WHAT YOU SHOULD DO ->
Look in the material below for the line with "Hypothesis good_prefix : forall" and the line with "by move=> /existsNP[K not_ext]; exists K.", then set down exactly those two lines and all lines between, nothing more.

EXCERPTED DATA ->

(* Let $N,M$ be positive integers, let $\mathscr{A}\subset\mathscr{M}(N,M)$ and $\mathscr{B}\subset\mathscr{M}(M,N)$ be finite sets of real matrices, and let $\|\cdot\|$ be a submultiplicative norm on $\mathscr{M}(N,N)$. Suppose that for every sequence $\{A_n\}_{n\ge1}$ with $A_n\in\mathscr{A}$ there exists a sequence $\{B_n\}_{n\ge1}$ with $B_n\in\mathscr{B}$ such that $\|A_nB_n\cdots A_1B_1\|\to0$ as $n\to\infty$. Then there exist constants $C>0$ and $\lambda\in(0,1)$ such that for every sequence $\{A_n\in\mathscr{A}\}$ there is a sequence $\{B_n\in\mathscr{B}\}$ for which \[ \|A_nB_n\cdots A_1B_1\|\le C\lambda^n,\qquad n=1,2,\ldots. \]
   Context: $\mathscr{M}(p,q)$ denotes the space of $p\times q$ real matrices with the topology of elementwise convergence. A norm on $\mathscr{M}(N,N)$ is submultiplicative if $\|XY\|\le\|X\|\,\|Y\|$ for all $X,Y$. *)

From HB Require Import structures.
From mathcomp Require Import all_boot all_order all_algebra.
From mathcomp Require Import all_classical all_reals all_analysis.
Set Implicit Arguments. Unset Strict Implicit. Unset Printing Implicit Defensive.
Import Order.TTheory GRing.Theory Num.Theory.
Import numFieldNormedType.Exports.
Local Open Scope ring_scope.

Definition submult_norm (R : realType) (N : nat) (nrm : 'M[R]_N -> R) : Prop :=
  [/\ (forall X, nrm X = 0 -> X = 0),
      (forall (c : R) X, nrm (c *: X) = `|c| * nrm X),
      (forall X Y, nrm (X + Y) <= nrm X + nrm Y)
    & (forall X Y, nrm (X *m Y) <= nrm X * nrm Y)].

(* prodAB a b n = A_n B_n ... A_1 B_1, where A_k = a (k-1), B_k = b (k-1);
   prodAB a b 0 is the identity matrix (empty product). *)
Fixpoint prodAB (R : realType) (N M : nat)
  (a : nat -> 'M[R]_(N, M)) (b : nat -> 'M[R]_(M, N)) (n : nat) : 'M[R]_N :=
  match n with
  | 0 => 1%:M
  | k.+1 => (a k *m b k) *m prodAB a b k
  end.

From HB Require Import structures.
From mathcomp Require Import all_boot all_order all_algebra.
From mathcomp Require Import all_classical all_reals all_analysis.
From mathcomp Require Import zify.
Set Implicit Arguments. Unset Strict Implicit. Unset Printing Implicit Defensive.
Import Order.TTheory GRing.Theory Num.Theory.
Import numFieldNormedType.Exports.
Local Open Scope classical_set_scope.
Local Open Scope ring_scope.

(* A König-type compactness argument over the finite alphabet [As] turns the
   hypothesis into a uniform horizon [K]: for every sequence (A_n) some choice
   of B_1, ..., B_n with 0 < n <= K makes the product of norm at most 1/2.
   Applying this to the successive suffixes of (A_n) cuts the time axis into
   blocks of length at most K, each contracting by 1/2, so the products decay
   like lam^n for any lam with lam^K >= 1/2. *)

Section KonigUniformBound.
Variables (T : eqType) (s : seq T) (good : nat -> (nat -> T) -> Prop).
Hypothesis good_mono : forall K K' a, (K <= K')%N -> good K a -> good K' a.
Hypothesis good_prefix : forall K a a',
  (forall i, (i < K)%N -> a i = a' i) -> good K a -> good K a'.

Definition upd (a : nat -> T) (k : nat) (x : T) : nat -> T :=
  fun i => if i == k then x else a i.

Definition bad_upto k a := (forall i, (i < k)%N -> a i \in s) /\ ~ good k a.

Definition extensible k a := forall K,
  exists2 a', (forall i, (i < k)%N -> a' i = a i) & bad_upto (k + K) a'.

Lemma bad_upto_le k k' a : (k' <= k)%N -> bad_upto k a -> bad_upto k' a.
Proof.
move=> le_k'k [a_s not_good]; split=> [i lt_ik'|]; first by apply: a_s; lia.
by move/(good_mono le_k'k).
Qed.

Lemma extensible_agree k a a' :
  (forall i, (i < k)%N -> a i = a' i) -> extensible k a -> extensible k a'.
Proof.
move=> agree ext K; have [a'' agree'' bad''] := ext K.
by exists a'' => // i lt_ik; rewrite agree'' ?agree.
Qed.

Lemma extensible_step k a :
  extensible k a -> exists2 x, x \in s & extensible k.+1 (upd a k x).
Proof.
move=> ext; apply: contrapT => no_x.
have /choice [K hK] : forall x, exists K, x \in s -> ~ exists2 a',
    (forall i, (i < k.+1)%N -> a' i = upd a k x i) & bad_upto (k.+1 + K) a'.
  move=> x; case: (pselect (extensible k.+1 (upd a k x))) => [ext_x|].
    by exists 0%N => xs; case: no_x; exists x.
  by move=> /existsNP[K not_ext]; exists K.
have [a' agree [a's not_good]] := ext (\max_(x <- s) K x).+1.
have xs : a' k \in s by apply: a's; lia.
apply: (hK _ xs); exists a'.
  move=> i; rewrite ltnS leq_eqVlt /upd => /predU1P[-> | lt_ik].
    by rewrite eqxx.
  by rewrite ltn_eqF ?agree.
apply: bad_upto_le (conj a's not_good).
by rewrite addSnnS leq_add2l ltnS leq_bigmax_seq.
Qed.

Lemma extensible_branch a0 : extensible 0 a0 ->
  exists2 a, (forall i, a i \in s) & forall k, extensible k a.
Proof.
move=> ext0.
have /choice [F hF] : forall ka : nat * (nat -> T), exists x,
    extensible ka.1 ka.2 -> x \in s /\ extensible ka.1.+1 (upd ka.2 ka.1 x).
  case=> k a; case: (pselect (extensible k a)) => [/extensible_step[x xs ext]|].
    by exists x.
  by exists (a k).
pose fix path k : nat -> T :=
  if k is k'.+1 then upd (path k') k' (F (k', path k')) else a0.
have ext_path k : extensible k (path k).
  by elim: k => // k IH; exact: (hF (k, path k) IH).2.
have path_stable k i : (i < k)%N -> path k i = F (i, path i).
  elim: k => // k IH; rewrite ltnS leq_eqVlt /= /upd => /predU1P[-> | lt_ik].
    by rewrite eqxx.
  by rewrite ltn_eqF ?IH.
exists (fun i => F (i, path i)) => [i | k].
  exact: (hF (i, path i) (ext_path i)).1.
exact: extensible_agree (path_stable k) (ext_path k).
Qed.

Lemma konig_uniform_bound :
  (forall a, (forall i, a i \in s) -> exists K, good K a) ->
  exists K, forall a, (forall i, a i \in s) -> good K a.
Proof.
move=> bar; apply: contrapT => not_uniform.
have bad K : exists a, bad_upto K a.
  apply: contrapT => no_bad; apply: not_uniform; exists K => a a_s.
  by apply: contrapT => not_good; apply: no_bad; exists a; split.
have [a0 _] := bad 0%N.
have [a a_s ext_a] : exists2 a, (forall i, a i \in s) &
    forall k, extensible k a.
  by apply: (@extensible_branch a0) => K; have [a' bad_a'] := bad K; exists a'.
have [K good_a] := bar a a_s.
have [a' agree [_]] := ext_a K 0%N; rewrite addn0; apply.
by apply: good_prefix good_a => i lt_iK; rewrite agree.
Qed.

End KonigUniformBound.

Section SubmultNorm.
Variables (R : realType) (N : nat) (nrm : 'M[R]_N -> R).
Hypothesis hnrm : submult_norm nrm.

Lemma submult_norm_ge0 X : 0 <= nrm X.
Proof.
case: hnrm => _ nrmZ nrmD _.
have nrm0 : nrm 0 = 0 by rewrite -(scale0r X) nrmZ normr0 mul0r.
have nrmN : nrm (- X) = nrm X by rewrite -scaleN1r nrmZ normrN normr1 mul1r.
by have := nrmD X (- X); rewrite subrr nrm0 nrmN -mulr2n pmulrn_lge0.
Qed.

Lemma submult_norm_gt0 X : X != 0 -> 0 < nrm X.
Proof.
case: hnrm => nrm_eq0 _ _ _ nzX; rewrite lt_def submult_norm_ge0 andbT.
by apply: contraNN nzX => /eqP/nrm_eq0/eqP.
Qed.

Lemma submult_norm1_gt0 : (0 < N)%N -> 0 < nrm 1%:M.
Proof.
move=> N_gt0; apply: submult_norm_gt0; apply/eqP.
move=> /matrixP/(_ (Ordinal N_gt0) (Ordinal N_gt0))/eqP.
by rewrite !mxE eqxx /= oner_eq0.
Qed.

Lemma submult_normM X Y : nrm (X *m Y) <= nrm X * nrm Y.
Proof. by case: hnrm. Qed.

End SubmultNorm.

Definition shiftn (T : Type) (m : nat) (u : nat -> T) : nat -> T :=
  fun i => u (m + i)%N.

Section ProdAB.
Variables (R : realType) (N M : nat).
Implicit Types (a : nat -> 'M[R]_(N, M)) (b : nat -> 'M[R]_(M, N)).

Lemma eq_prodAB a a' b b' n :
  (forall i, (i < n)%N -> a i = a' i) -> (forall i, (i < n)%N -> b i = b' i) ->
  prodAB a b n = prodAB a' b' n.
Proof.
elim: n => //= n IH eq_a eq_b.
by rewrite eq_a // eq_b // IH // => i /leqW; [exact: eq_a | exact: eq_b].
Qed.

Lemma prodABD a b m n :
  prodAB a b (m + n) = prodAB (shiftn m a) (shiftn m b) n *m prodAB a b m.
Proof. by elim: n => [|n IH]; rewrite ?addn0 ?mul1mx // addnS /= IH mulmxA. Qed.

Lemma norm_prodAB_mulmx_le (nrm : 'M[R]_N -> R) a b (c : R) Q m :
  submult_norm nrm -> 0 <= c -> (forall i, nrm (a i *m b i) <= c) ->
  nrm (prodAB a b m *m Q) <= c ^+ m * nrm Q.
Proof.
move=> hnrm c_ge0 step_le; elim: m => [|m IH] /=.
  by rewrite mul1mx expr0 mul1r.
rewrite -mulmxA exprS -mulrA; apply: le_trans (submult_normM hnrm _ _) _.
by apply: ler_pM; rewrite ?submult_norm_ge0.
Qed.

End ProdAB.

Section BlockStart.
Variable len : nat -> nat.
Hypothesis len_gt0 : forall t, (0 < len t)%N.

(* Blocks start at 0 and the block starting at [t] covers [t, t + len t). *)
Fixpoint block_start (i : nat) : nat :=
  if i is i'.+1 then
    let t := block_start i' in if (i < t + len t)%N then t else i
  else 0.

Lemma block_startS i : block_start i.+1 =
  let t := block_start i in if (i.+1 < t + len t)%N then t else i.+1.
Proof. by []. Qed.

Lemma block_start_le i : (block_start i <= i)%N.
Proof. by elim: i => //= i IH; case: ifP => // _; exact: leqW. Qed.

Lemma block_start_lt i : (i < block_start i + len (block_start i))%N.
Proof.
elim: i => [|i IH]; first exact: len_gt0.
by rewrite block_startS /=; case: ifP => // _; rewrite -addn1 leq_add2l.
Qed.

Lemma block_start_stable n j :
  (block_start n <= j <= n)%N -> block_start j = block_start n.
Proof.
elim: n => [|n IH] /andP[le_tj le_jn].
  by move: le_jn; rewrite leqn0 => /eqP->.
move: le_tj; rewrite block_startS /=; case: ifP => in_block le_tj.
  move: le_jn; rewrite leq_eqVlt => /predU1P[->|lt_jn].
    by rewrite block_startS /= in_block.
  by apply: IH; rewrite le_tj.
have -> : j = n.+1 by apply/eqP; rewrite eqn_leq le_jn le_tj.
by rewrite block_startS /= in_block.
Qed.

End BlockStart.

Section BlockConcatenation.
Variables (R : realType) (N M : nat) (nrm : 'M[R]_N -> R).
Hypothesis hnrm : submult_norm nrm.
Variables (a : nat -> 'M[R]_(N, M)) (bb : nat -> nat -> 'M[R]_(M, N)).
Variables (len : nat -> nat) (lam : R).
Hypothesis len_gt0 : forall t, (0 < len t)%N.
Hypothesis block_contracts :
  forall t, nrm (prodAB (shiftn t a) (bb t) (len t)) <= lam ^+ len t.

Local Notation st := (block_start len).

Definition concat_blocks (i : nat) : 'M[R]_(M, N) := bb (st i) (i - st i).

Lemma prodAB_concat_blocks n k : (st n + k <= n.+1)%N ->
  prodAB a concat_blocks (st n + k) =
  prodAB (shiftn (st n) a) (bb (st n)) k *m prodAB a concat_blocks (st n).
Proof.
move=> le_kn; rewrite prodABD; congr (_ *m _); apply: eq_prodAB => // i lt_ik.
rewrite /shiftn /concat_blocks (@block_start_stable len n) ?addKn //.
by rewrite leq_addr /=; lia.
Qed.

Lemma norm_prodAB_block_start n :
  nrm (prodAB a concat_blocks (st n)) <= nrm 1%:M * lam ^+ st n.
Proof.
elim: n => [|n IH]; first by rewrite /= expr0 mulr1.
rewrite block_startS /=; case: ifPn => [// | not_in_block].
have end_block : n.+1 = (st n + len (st n))%N.
  by apply/eqP; rewrite eqn_leq block_start_lt // leqNgt not_in_block.
rewrite end_block [in lam ^+ _]addnC exprD mulrCA.
rewrite prodAB_concat_blocks -?end_block //.
apply: le_trans (submult_normM hnrm _ _) _.
by apply: ler_pM; rewrite ?submult_norm_ge0 ?block_contracts.
Qed.

Lemma norm_prodAB_concat_blocks (c : R) (K : nat) n :
  0 < lam -> lam <= 1 -> 1 <= c -> (forall t, (len t <= K)%N) ->
  (forall t i, nrm (a (t + i)%N *m bb t i) <= c) ->
  nrm (prodAB a concat_blocks n) <= c ^+ K * nrm 1%:M / lam ^+ K * lam ^+ n.
Proof.
move=> lam_gt0 lam_le1 c_ge1 len_le step_le.
have lam_ge0 := ltW lam_gt0; have c_ge0 := le_trans ler01 c_ge1.
have le_tn := @block_start_le len n.
have le_nK : (n - st n <= K)%N.
  by apply: leq_trans (len_le (st n)); have := block_start_lt len_gt0 n; lia.
have split_n : prodAB a concat_blocks n = prodAB (shiftn (st n) a) (bb (st n))
    (n - st n) *m prodAB a concat_blocks (st n).
  by rewrite -prodAB_concat_blocks subnKC ?leqnSn.
have decay : lam ^+ st n <= (lam ^+ K)^-1 * lam ^+ n.
  rewrite ler_pdivlMl ?exprn_gt0 // -[in lam ^+ n](subnKC le_tn) exprD mulrC.
  by rewrite ler_wpM2l ?exprn_ge0 ?ler_wiXn2l.
rewrite split_n.
apply: le_trans (norm_prodAB_mulmx_le _ _ hnrm c_ge0 (step_le (st n))) _.
rewrite -!mulrA; apply: ler_pM; rewrite ?exprn_ge0 ?submult_norm_ge0 //.
  exact: ler_weXn2l.
apply: le_trans (norm_prodAB_block_start n) _.
by rewrite ler_wpM2l ?submult_norm_ge0.
Qed.

End BlockConcatenation.

Lemma exists_pow_ge (R : realType) (x : R) (K : nat) :
  0 < x < 1 -> exists2 lam : R, 0 < lam < 1 & x <= lam ^+ K.
Proof.
case/andP=> x_gt0 x_lt1; pose lam := x `^ (K.+1%:R)^-1.
have lam_gt0 : 0 < lam by rewrite powR_gt0.
have lamSK : lam ^+ K.+1 = x.
  by rewrite -powR_mulrn ?powR_ge0 // -powRrM mulVf ?powRr1 ?ltW ?pnatr_eq0.
have lam_lt1 : lam < 1.
  by rewrite ltNge; apply/negP => /(exprn_ege1 K.+1); rewrite lamSK leNgt x_lt1.
exists lam; first by rewrite lam_gt0.
by rewrite -lamSK exprS ler_piMl ?exprn_ge0 ?ltW.
Qed.

Lemma uniform_contraction (R : realType) (N M : nat)
    (As : seq 'M[R]_(N, M)) (Bs : seq 'M[R]_(M, N)) (nrm : 'M[R]_N -> R)
    (eps : R) : 0 < eps ->
  (forall a : nat -> 'M[R]_(N, M), (forall n, a n \in As) ->
     exists b : nat -> 'M[R]_(M, N), (forall n, b n \in Bs) /\
       (nrm (prodAB a b n) @[n --> \oo] --> (0 : R))) ->
  exists K, forall a, (forall i, a i \in As) ->
    exists2 b, (forall i, b i \in Bs) &
      exists2 n, (0 < n <= K)%N & nrm (prodAB a b n) <= eps.
Proof.
move=> eps_gt0 hyp; apply: konig_uniform_bound.
- move=> K K' a le_KK' [b Bb [n /andP[n_gt0 le_nK] small]].
  by exists b => //; exists n; rewrite ?n_gt0 ?(leq_trans le_nK).
- move=> K a a' agree [b Bb [n /andP[n_gt0 le_nK] small]].
  exists b => //; exists n; rewrite ?n_gt0 //.
  rewrite -(@eq_prodAB _ _ _ a a' b b) // => i lt_in.
  by apply: agree; exact: leq_trans lt_in le_nK.
- move=> a Aa; have [b [Bb cvg0]] := hyp a Aa.
  have [n0 _ small] := cvgr_lt 0 cvg0 _ eps_gt0.
  exists n0.+1, b => //; exists n0.+1; first by rewrite leqnn.
  by apply/ltW/small; rewrite /= leqnSn.
Qed.

Theorem theorem1 (R : realType) (N M : nat) (hN : (0 < N)%N) (hM : (0 < M)%N)
  (As : seq 'M[R]_(N, M)) (Bs : seq 'M[R]_(M, N)) (nrm : 'M[R]_N -> R)
  (hnrm : submult_norm nrm)
  (hyp : forall a : nat -> 'M[R]_(N, M), (forall n, a n \in As) ->
     exists b : nat -> 'M[R]_(M, N), (forall n, b n \in Bs) /\
       (nrm (prodAB a b n) @[n --> \oo] --> (0 : R))) :
  exists (C lam : R), 0 < C /\ 0 < lam < 1 /\
    forall a : nat -> 'M[R]_(N, M), (forall n, a n \in As) ->
      exists b : nat -> 'M[R]_(M, N), (forall n, b n \in Bs) /\
        forall n : nat, (0 < n)%N -> nrm (prodAB a b n) <= C * lam ^+ n.
Proof.
have id_gt0 := submult_norm1_gt0 hnrm hN.
pose c := \big[Order.max/1]_(X <- allpairs (@mulmx R N M N) As Bs) nrm X.
have c_ge1 : 1 <= c by exact: bigmax_ge_id.
have c_bound A B : A \in As -> B \in Bs -> nrm (A *m B) <= c.
  by move=> AA BB; apply: le_bigmax_seq => //; exact: allpairs_f.
have half_gt0 : 0 < 2^-1 :> R by rewrite invr_gt0.
have [K uniform] := uniform_contraction half_gt0 hyp.
have [lam /andP[lam_gt0 lam_lt1] half_le] : exists2 lam : R,
    0 < lam < 1 & 2^-1 <= lam ^+ K.
  by apply: exists_pow_ge; rewrite half_gt0 invf_lt1 ?ltr1n.
exists (c ^+ K * nrm 1%:M / lam ^+ K), lam; split.
  by rewrite divr_gt0 ?mulr_gt0 ?exprn_gt0 // (lt_le_trans ltr01 c_ge1).
split=> [|a Aa]; first by rewrite lam_gt0.
have /choice [p hp] : forall t, exists p : (nat -> 'M[R]_(M, N)) * nat,
    [/\ forall i, p.1 i \in Bs, (0 < p.2 <= K)%N &
        nrm (prodAB (shiftn t a) p.1 p.2) <= 2^-1].
  move=> t; have [b Bb [n n_le small]] := uniform (shiftn t a) (fun i => Aa _).
  by exists (b, n).
pose bb t := (p t).1; pose len t := (p t).2.
have [bb_Bs len_gt0 len_le] : [/\ forall t i, bb t i \in Bs,
    forall t, (0 < len t)%N & forall t, (len t <= K)%N].
  by split=> t; have [? /andP[? ?] _] := hp t.
have contracts t : nrm (prodAB (shiftn t a) (bb t) (len t)) <= lam ^+ len t.
  have [_ _ small] := hp t.
  by apply: le_trans small (le_trans half_le _); rewrite ler_wiXn2l ?ltW.
exists (concat_blocks bb len); split=> [i | n _]; first exact: bb_Bs.
apply: (norm_prodAB_concat_blocks hnrm len_gt0 contracts) => //.
  exact: ltW.
by move=> t i; apply: c_bound.
Qed.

OUTPUT OF THE TASK ->
Hypothesis good_prefix : forall K a a',
  (forall i, (i < K)%N -> a i = a' i) -> good K a -> good K a'.

Definition upd (a : nat -> T) (k : nat) (x : T) : nat -> T :=
  fun i => if i == k then x else a i.

Definition bad_upto k a := (forall i, (i < k)%N -> a i \in s) /\ ~ good k a.

Definition extensible k a := forall K,
  exists2 a', (forall i, (i < k)%N -> a' i = a i) & bad_upto (k + K) a'.

Lemma bad_upto_le k k' a : (k' <= k)%N -> bad_upto k a -> bad_upto k' a.
Proof.
move=> le_k'k [a_s not_good]; split=> [i lt_ik'|]; first by apply: a_s; lia.
by move/(good_mono le_k'k).
Qed.

Lemma extensible_agree k a a' :
  (forall i, (i < k)%N -> a i = a' i) -> extensible k a -> extensible k a'.
Proof.
move=> agree ext K; have [a'' agree'' bad''] := ext K.
by exists a'' => // i lt_ik; rewrite agree'' ?agree.
Qed.

Lemma extensible_step k a :
  extensible k a -> exists2 x, x \in s & extensible k.+1 (upd a k x).
Proof.
move=> ext; apply: contrapT => no_x.
have /choice [K hK] : forall x, exists K, x \in s -> ~ exists2 a',
    (forall i, (i < k.+1)%N -> a' i = upd a k x i) & bad_upto (k.+1 + K) a'.
  move=> x; case: (pselect (extensible k.+1 (upd a k x))) => [ext_x|].
    by exists 0%N => xs; case: no_x; exists x.
  by move=> /existsNP[K not_ext]; exists K.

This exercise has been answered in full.